We designed a cocktail (blue) of four polypeptides (cyan) that covers 99% of the pathogens, even though the single fragments only cover between 85 and 95%. The orange and red bars correspond to an epitope mixture designed by OptiTope and a mosaic with the same number of amino acids respectively; the former was required to reach 99% pathogen coverage, and the latter was unconstrained.

### Mosaic design greatly increases immunogenicity and pathogen coverage compared to string-of-beads

We compared epitope mixtures to mosaics of the same length with respect to immunogenicity, conservation, pathogen and population coverage as we increased the number of admissible amino acids in the vaccine. The metrics for an epitope mixture are upper bounds for what can be achieved by a string-of-beads EV, as the cleavage requirements would only reduce the set of eligible epitopes that can be included in the vaccine. The mosaics were designed by enforcing minimum overlaps of four and eight amino acids, and the experiment was repeated for each bootstrap.

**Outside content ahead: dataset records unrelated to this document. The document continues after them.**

Lemma cumul_midpoint r p q i :
  cumul r (midpoint p q) i = (cumul r p i + cumul r q i) / 2.
Proof.
by rewrite /cumul -big_split /= mulr_suml; apply: eq_bigr => l _; rewrite ffunE.
Qed.

Lemma cumul_le1 r p i : lottery p -> cumul r p i <= 1.
Proof. by case=> p_ge0 <-; rewrite cumulE; apply: ler_sum_subpred. Qed.

Lemma lex_dom_top r p q (i : 'I_#|O|) :
  val i = 0%N -> q (ranked r i) < p (ranked r i) -> lex_dom r p q.
Proof.
move=> i0 qp; split; last by exists i; split=> // l; rewrite i0.
by move=> pq; rewrite pq ltxx in qp.
Qed.

Lemma not_lex_dom_top r p q (i : 'I_#|O|) :
  val i = 0%N -> p (ranked r i) < q (ranked r i) -> ~ lex_dom r p q.
Proof.
move=> i0 pq [_ [l [qp agree]]]; have [l0|lpos] := posnP l.
  have il : i = l by apply/val_inj; rewrite /= i0 l0.
  by move: qp; rewrite -il ltNge ltW.
by move: pq; rewrite agree ?i0 // ltxx.
Qed.

End Lotteries.

Lemma in_full_setting n (O : finType) (s : profile n O) :
  in_setting (@full_setting n O) s.
Proof. by move=> j; rewrite in_setT. Qed.

Section SingleAgent.
Variables (R : realType) (O : finType).
Implicit Types (r : sorder O).

Definition single r : profile 1 O := [ffun=> r].

Definition by_report (L : sorder O -> {ffun O -> R}) (s : profile 1 O) : {ffun O -> R} :=
  L (s ord0).

Lemma upd_single (s : profile 1 O) j r' : upd s j r' = single r'.
Proof. by apply/ffunP => i; rewrite !ffunE (ord1 i) (ord1 j) eqxx. Qed.

Variable L : sorder O -> {ffun O -> R}.

Lemma by_report_single r : by_report L (single r) = L r.
Proof. by rewrite /by_report ffunE. Qed.

Lemma by_reportP (P : sorder O -> {ffun O -> R} -> {ffun O -> R} -> Prop) :
  (forall r r', P r (L r) (L r')) <->
  (forall s, in_setting (@full_setting 1 O) s ->
     forall j r', r' \in @full_setting 1 O j ->
     P (s j) (by_report L s) (by_report L (upd s j r'))).
Proof.
split=> [PL s _ j r' _ | Pfull r r'].
  by rewrite /by_report upd_single ffunE (ord1 j); apply: PL.
have := Pfull (single r) (in_full_setting _) ord0 r' (in_setT _).
by rewrite /by_report upd_single !ffunE.
Qed.

Hypothesis L_lottery : forall r, lottery (L r).

Lemma by_report_rand : rand_mechanism (@full_setting 1 O) (by_report L).
Proof. by move=> s _; apply: L_lottery. Qed.

Lemma StrongT_by_report :
  StrongT (@full_setting 1 O) (by_report L) <-> forall r r', sd_dom r (L r) (L r').
Proof.
rewrite /StrongT (by_reportP (@sd_dom R O)).
by split=> [[]//|]; split=> //; apply: by_report_rand.
Qed.

Lemma LexT_by_report :
  LexT (@full_setting 1 O) (by_report L) <->
  forall r r', L r = L r' \/ lex_dom r (L r) (L r').
Proof.
rewrite /LexT (by_reportP (fun r p q => p = q \/ lex_dom r p q)).
by split=> [[]//|]; split=> //; apply: by_report_rand.
Qed.

Lemma WeakT_by_report :
  WeakT (@full_setting 1 O) (by_report L) <->
  forall r r', ~ (sd_dom r (L r') (L r) /\ L r' <> L r).
Proof.
rewrite /WeakT (by_reportP (fun r p q => ~ (sd_dom r q p /\ q <> p))).
by split=> [[]//|]; split=> //; apply: by_report_rand.
Qed.

End SingleAgent.

Section Rotations.
Local Notation O := ('I_3 : finType).

(* Positions live in 'I_#|O|, and #|'I_3| is only propositionally equal to 3. *)
Definition pos (x : O) : 'I_#|O| := cast_ord (esym (card_ord 3)) x.

Definition rotation_fun (k : O) : {ffun 'I_#|O| -> O} :=
  [ffun l => cast_ord (card_ord 3) l + k].

Lemma rotation_inj k : injectiveb (rotation_fun k).
Proof. by apply/injectiveP => l1 l2; rewrite !ffunE => /addIr /cast_ord_inj. Qed.

Definition rot k : sorder O := exist _ (rotation_fun k) (rotation_inj k).

Lemma ranked_rot k x : ranked (rot k) (pos x) = x + k.
Proof. by rewrite /ranked /= ffunE cast_ordKV. Qed.

Lemma rank_of_rot k x : rank_of (rot k) x = x - k :> nat.
Proof. by rewrite -{1}(subrK k x) -[in LHS]ranked_rot rank_of_ranked. Qed.

End Rotations.

Section Examples.
Variable R : realType.
Local Notation O := ('I_3 : finType).
Local Notation full := (@full_setting 1 O).
Implicit Types (r : sorder O) (c : O).

Definition top_two r : {ffun O -> R} :=
  midpoint (dirac R (ranked r (pos 0))) (dirac R (ranked r (pos 1))).

Lemma lottery_top_two r : lottery (top_two r).
Proof. exact/lottery_midpoint/lottery_dirac/lottery_dirac. Qed.

Lemma top_two_sd_dom r r' : sd_dom r (top_two r) (top_two r').
Proof.
move=> i; rewrite -!/(cumul r _ i); have [i0|ipos] := posnP i.
  rewrite !cumul_midpoint !cumul_dirac !rank_of_ranked i0 /=.
  have : rank_of r (ranked r' (pos 0)) != rank_of r (ranked r' (pos 1)).
    by rewrite (inj_eq (@rank_of_inj _ r)) (inj_eq (@ranked_inj _ r')).
  by case: (rank_of _ _) (rank_of _ _) => [|a] [|b] //= _; lra.
rewrite [X in _ <= X]cumul_midpoint !cumul_dirac !rank_of_ranked ipos /=.
have := cumul_le1 r i (lottery_top_two r'); lra.
Qed.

By leveraging overlaps, the mosaic designs were able to include more epitopes in the same number of amino acids, resulting in improved immunogenicity, pathogen coverage and conservation compared to the epitope mixtures (Fig 6). The mosaic with overlap of eight amino acids, however, could not be improved substantially after 172 epitopes (180 amino acids), and plateaued by 360 amino acids. This happened because there were not enough pairs of suitably overlapping epitopes to produce longer polypeptides. Relaxing the overlap requirements to at least four amino acids allowed the framework to produce pseudo-mosaic vaccines that contained less epitopes than the theoretical maximum, but had, nonetheless, much higher immunogenicity than the epitope mixtures. It is also evident that mosaic vaccines could inherently reach higher pathogen coverage with shorter polypeptides, even though no such constraint was imposed on the design. Conservation, however, remained mediocre.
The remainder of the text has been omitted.